Important data point and it doesn't seem too bad or good. What is
acceptable performance should be decided by the user? What do you all think?

On Fri, Apr 7, 2023 at 8:20 AM Michael Sokolov <msoko...@gmail.com> wrote:

> one more data point:
>
> 32M 100dim (fp32) vectors indexed in 1h20m (M=16, IW cache=1994, heap=4GB)
>
> On Fri, Apr 7, 2023 at 8:52 AM Michael Sokolov <msoko...@gmail.com> wrote:
> >
> > I also want to add that we do impose some other limits on graph
> > construction to help ensure that HNSW-based vector fields remain
> > manageable; M is limited to <= 512, and maximum segment size also
> > helps limit merge costs
> >
> > On Fri, Apr 7, 2023 at 7:45 AM Michael Sokolov <msoko...@gmail.com>
> wrote:
> > >
> > > Thanks Kent - I tried something similar to what you did I think.

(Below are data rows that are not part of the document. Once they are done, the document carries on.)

(* Let $P$ be a finite poset and $E$ an equivalence relation on $P$. Then there exist a poset $P'$ on the same ground set, obtained from $P$ by adding order relations (i.e. $x\le_Py\Rightarrow x\le_{P'}y$), and an equivalence relation $E'$ on $P$ whose classes are unions of classes of $E$, such that $E'$ is a chain congruence on $P'$ and $K_{P,E}(\mathbf x)=K_{P',E'}(\mathbf x)$.
   Context: For a finite poset $P$ and equivalence relation $E$ on $P$, $K_{P,E}(\mathbf x)=\sum_f\prod_{x\in P}x_{f(x)}$, summed over all $f:P\to\mathbb Z_{>0}$ such that $x<_Py\Rightarrow f(x)\le f(y)$ and $x\sim_E y\Rightarrow f(x)=f(y)$. An equivalence relation $E$ on $P$ is a chain congruence if (i) every class $[x]_E$ is a chain in $P$, and (ii) whenever $x<_Py$ and $x\not\sim_Ey$, we have $\max[x]_E<_P\min[y]_E$. *)

From mathcomp Require Import all_boot.
Set Implicit Arguments. Unset Strict Implicit. Unset Printing Implicit Defensive.

Definition is_poset (T : finType) (le : rel T) : Prop :=
  reflexive le /\ antisymmetric le /\ transitive le.

Definition is_equiv (T : finType) (E : rel T) : Prop :=
  reflexive E /\ symmetric E /\ transitive E.

Definition ltP (T : finType) (le : rel T) (x y : T) : bool := (x != y) && le x y.

Definition is_class_max (T : finType) (le E : rel T) (x m : T) : Prop :=
  E x m /\ forall z, E x z -> le z m.
Definition is_class_min (T : finType) (le E : rel T) (x m : T) : Prop :=
  E x m /\ forall z, E x z -> le m z.

Definition chain_congruence (T : finType) (le E : rel T) : Prop :=
  (forall x y z, E x y -> E x z -> le y z || le z y) /\
  (forall x y, ltP le x y -> ~~ E x y ->
     forall mx my, is_class_max le E x mx -> is_class_min le E y my ->
       ltP le mx my).

(* (P,E)-compatible maps, with values in {1,...,n} encoded as 'I_n
   (ordinal i stands for the variable x_{i+1}). *)
Definition PE_compat (T : finType) (le E : rel T) (n : nat) (f : T -> 'I_n) : bool :=
  [forall x, forall y, (ltP le x y ==> (f x <= f y)) && (E x y ==> (f x == f y))].

(* Coefficient of the monomial x_1^{a_0} ... x_n^{a_{n-1}} in K_{P,E}(x). *)
Definition Kcoef (T : finType) (le E : rel T) (n : nat) (a : 'I_n -> nat) : nat :=
  #|[set f : {ffun T -> 'I_n} |
      PE_compat le E f && [forall i, #|[set x | f x == i]| == a i]]|.

(* Equality of the formal power series K_{P,E} and K_{P',E'}:
   all monomial coefficients agree (every monomial lives in finitely many
   variables x_1..x_n). *)
Definition K_equal (T : finType) (le E le' E' : rel T) : Prop :=
  forall (n : nat) (a : 'I_n -> nat), Kcoef le E a = Kcoef le' E' a.

(* Let Q be the preorder generated by le and E. Its symmetric part E' has
   E-saturated classes, and a map is (P,E)-compatible exactly when it is
   monotone along Q, i.e. (P',E')-compatible for any pair (P',E') generating
   the same preorder Q. So take for P' the order that compares elements of
   distinct E'-classes by Q and orders each E'-class by a linear extension of
   le: then P' and E' generate Q again, every E'-class is a P'-chain, and
   distinct classes are strictly Q-comparable as wholes. *)
From Pilot Require Import Defs.
From mathcomp Require Import all_boot.
From mathcomp Require Import zify.
Set Implicit Arguments. Unset Strict Implicit. Unset Printing Implicit Defensive.

Lemma connect_sub_preorder (T : finType) (e r : rel T) :
  reflexive r -> transitive r -> subrel e r -> subrel (connect e) r.
Proof.
move=> r_refl r_trans e_r x _ /connectP [p e_p ->].
elim: p x e_p => [|y p IHp] x //= /andP [/e_r r_xy /IHp].
exact: r_trans.
Qed.

Section CompatibleMaps.
Variables (T : finType) (n : nat).

Lemma PE_compat_connectP (le E : rel T) (f : T -> 'I_n) :
  symmetric E ->
  reflect (forall x y, connect (relU le E) x y -> f x <= f y) (PE_compat le E f).
Proof.
move=> E_sym; apply: (iffP forallP) => [f_compat | f_mono x].
  apply: (connect_sub_preorder (r := [rel x y | f x <= f y])) => [x | y x z | ].
  - exact: leqnn.
  - exact: leq_trans.
  move=> x y /=; have /forallP /(_ y) /andP [lt_f E_f] := f_compat x.
  case/orP=> [le_xy | /(implyP E_f) /eqP -> //].
  by have [-> // | ne_xy] := eqVneq x y; apply: (implyP lt_f); rewrite /Defs.ltP ne_xy.
apply/forallP=> y; apply/andP; split; apply/implyP.
  by case/andP=> _ le_xy; apply/f_mono/connect1; rewrite /= le_xy.
move=> E_xy; rewrite -val_eqE eqn_leq !f_mono ?connect1 //=.
  by rewrite E_sym E_xy orbT.
by rewrite E_xy orbT.
Qed.

Lemma Kcoef_eq_connect (le E le' E' : rel T) (a : 'I_n -> nat) :
  symmetric E -> symmetric E' -> connect (relU le E) =2 connect (relU le' E') ->
  Kcoef le E a = Kcoef le' E' a.
Proof.
move=> E_sym E'_sym eq_conn; apply: eq_card => f; rewrite !inE.
congr (_ && _); apply/PE_compat_connectP/PE_compat_connectP => // f_mono x y.
  by rewrite -eq_conn; apply: f_mono.
by rewrite eq_conn; apply: f_mono.
Qed.

End CompatibleMaps.

Section LinearExtension.
Variables (T : finType) (le : rel T).

Definition poset_rank (x : T) : nat := #|[set z | le z x]| * #|T| + enum_rank x.

Lemma poset_rank_inj : injective poset_rank.
Proof.
move=> x y eq_rank; have : poset_rank x %% #|T| = poset_rank y %% #|T|.
  by rewrite eq_rank.
rewrite !modnMDl !modn_small ?ltn_ord // => /val_inj; exact: enum_rank_inj.
Qed.

Lemma poset_rank_homo : is_poset le -> {homo poset_rank : x y / le x y >-> x <= y}.
Proof.
case=> le_refl [le_anti le_trans] x y le_xy.
have [-> // | ne_xy] := eqVneq x y.
have lt_down : #|[set z | le z x]| < #|[set z | le z y]|.
  apply/proper_card/properP; split.
    by apply/subsetP=> z; rewrite !inE => /le_trans; apply.
  exists y; rewrite !inE ?le_refl //; apply: contraNN ne_xy => le_yx.
  by apply/eqP/le_anti; rewrite le_xy le_yx.
have rank_x_lt : enum_rank x < #|T| := ltn_ord _.
have := leq_mul lt_down (leqnn #|T|); rewrite /poset_rank mulSn; lia.
Qed.

End LinearExtension.

Section PreorderRefinement.
Variables (T : finType) (Q : rel T) (rank : T -> nat).
Hypotheses (Q_refl : reflexive Q) (Q_trans : transitive Q).
Hypothesis rank_inj : injective rank.

Definition preorder_equiv : rel T := fun x y => Q x y && Q y x.

Definition preorder_refine : rel T :=
  fun x y => (Q x y && ~~ Q y x) || (preorder_equiv x y && (rank x <= rank y)).

Lemma preorder_equiv_equiv : is_equiv preorder_equiv.
Proof.
split; first by move=> x; rewrite /preorder_equiv Q_refl.
split; first by move=> x y; rewrite /preorder_equiv andbC.
move=> y x z /andP [Qxy Qyx] /andP [Qyz Qzy].
by rewrite /preorder_equiv (Q_trans Qxy Qyz) (Q_trans Qzy Qyx).
Qed.

Lemma sub_preorder_equiv (r : rel T) :
  symmetric r -> subrel r Q -> subrel r preorder_equiv.
Proof. by move=> r_sym r_Q x y r_xy; rewrite /preorder_equiv !r_Q // r_sym. Qed.

Lemma preorder_refine_sub : subrel preorder_refine Q.
Proof. by move=> x y /orP [] /andP [] // /andP []. Qed.

Lemma preorder_refine_poset : is_poset preorder_refine.
Proof.
split; first by move=> x; rewrite /preorder_refine /preorder_equiv Q_refl leqnn orbT.
split.
  move=> x y /andP [le_xy le_yx].
  have Qxy := preorder_refine_sub le_xy; have Qyx := preorder_refine_sub le_yx.
  move: le_xy le_yx; rewrite /preorder_refine /preorder_equiv Qxy Qyx /=.
  move=> le_rxy le_ryx.
  by apply: rank_inj; apply/eqP; rewrite eqn_leq le_rxy le_ryx.
move=> y x z; rewrite /preorder_refine /preorder_equiv.
case/orP=> [/andP [Qxy nQyx] | /andP [/andP [Qxy Qyx] le_rxy]];
case/orP=> [/andP [Qyz nQzy] | /andP [/andP [Qyz Qzy] le_ryz]];
rewrite (Q_trans Qxy Qyz) /=.
- by apply/orP; left; apply: contra nQyx => /(Q_trans Qyz).
- by apply/orP; left; apply: contra nQyx => /(Q_trans Qyz).
- by apply/orP; left; apply: contra nQzy => /Q_trans; apply.
- by rewrite (Q_trans Qzy Qyx) (leq_trans le_rxy le_ryz) orbT.
Qed.

Lemma preorder_refine_ext (r : rel T) :
  subrel r Q -> {homo rank : x y / r x y >-> x <= y} -> subrel r preorder_refine.
Proof.
move=> r_Q r_rank x y r_xy; rewrite /preorder_refine /preorder_equiv r_Q //=.
by case: (Q y x); rewrite ?r_rank ?orbT.
Qed.

Lemma preorder_refine_chain_congruence :
  chain_congruence preorder_refine preorder_equiv.
Proof.
have [_ [Eq_sym Eq_trans]] := preorder_equiv_equiv.
split=> [x y z Eq_xy Eq_xz | x y /andP [_ /preorder_refine_sub Qxy] nEq_xy
         mx my [Eq_xmx _] [Eq_ymy _]].
  have Eq_yz : preorder_equiv y z by apply: Eq_trans Eq_xz; rewrite Eq_sym.
  rewrite /preorder_refine Eq_yz Eq_sym Eq_yz.
  by case/orP: (leq_total (rank y) (rank z)) => ->; rewrite !orbT.
case/andP: Eq_xmx => _ Qmxx; case/andP: Eq_ymy => Qymy _.
have nQyx : ~~ Q y x by apply: contra nEq_xy; rewrite /preorder_equiv Qxy.
apply/andP; split.
  apply: contraNneq nQyx => eq_m; rewrite eq_m in Qmxx.
  exact: Q_trans Qymy Qmxx.
rewrite /preorder_refine (Q_trans Qmxx (Q_trans Qxy Qymy)) /=.
by apply/orP; left; apply: contra nQyx => Qmymx; apply: Q_trans Qymy (Q_trans Qmymx Qmxx).
Qed.

Lemma connect_preorder_refine :
  subrel (connect (relU preorder_refine preorder_equiv)) Q.
Proof.
apply: connect_sub_preorder => // x y /orP [/preorder_refine_sub // | /andP []//].
Qed.

End PreorderRefinement.

Theorem lemma6p1 (T : finType) (le E : rel T) :
  is_poset le -> is_equiv E ->
  exists (le' E' : rel T),
    is_poset le' /\ is_equiv E' /\
    (forall x y, le x y -> le' x y) /\
    (forall x y, E x y -> E' x y) /\
    chain_congruence le' E' /\
    K_equal le E le' E'.
Proof.
move=> le_poset [_ [E_sym _]].
pose Q := connect (relU le E).
have Q_refl : reflexive Q := @connect0 _ _.
have Q_trans : transitive Q := @connect_trans _ _.
have le_Q : subrel le Q by move=> x y le_xy; apply: connect1; rewrite /= le_xy.
have E_Q : subrel E Q by move=> x y E_xy; apply: connect1; rewrite /= E_xy orbT.
pose le' := preorder_refine Q (poset_rank le); pose E' := preorder_equiv Q.
have le_le' : subrel le le' := preorder_refine_ext le_Q (poset_rank_homo le_poset).
have E_E' : subrel E E' := sub_preorder_equiv E_sym E_Q.
have [_ [E'_sym _]] := preorder_equiv_equiv Q_refl Q_trans.
exists le', E'.
split; first exact: preorder_refine_poset (@poset_rank_inj T le).
split; first exact: preorder_equiv_equiv.
split; first exact: le_le'.
split; first exact: E_E'.
split; first exact: preorder_refine_chain_congruence.
move=> n a; apply: Kcoef_eq_connect E_sym E'_sym _ => x y; apply/idP/idP.
  apply: connect_sub => {}x {}y /orP [/le_le' | /E_E'] edge;
  apply: connect1; apply/orP; by [left | right].
exact: connect_preorder_refine.
Qed.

Took
> > > a set of 256d vectors I had and concatenated them to make bigger ones,
> > > then shifted the dimensions to make more of them. Here are a few
> > > single-threaded indexing test runs. I ran all tests with M=16.
> > >
> > >
> > > 8M 100d float vectors indexed in 20 minutes (16G heap, IndexWriter
> > > buffer size=1994)
> > > 8M 1024d float vectors indexed in 1h48m (16G heap, IW buffer size=1994)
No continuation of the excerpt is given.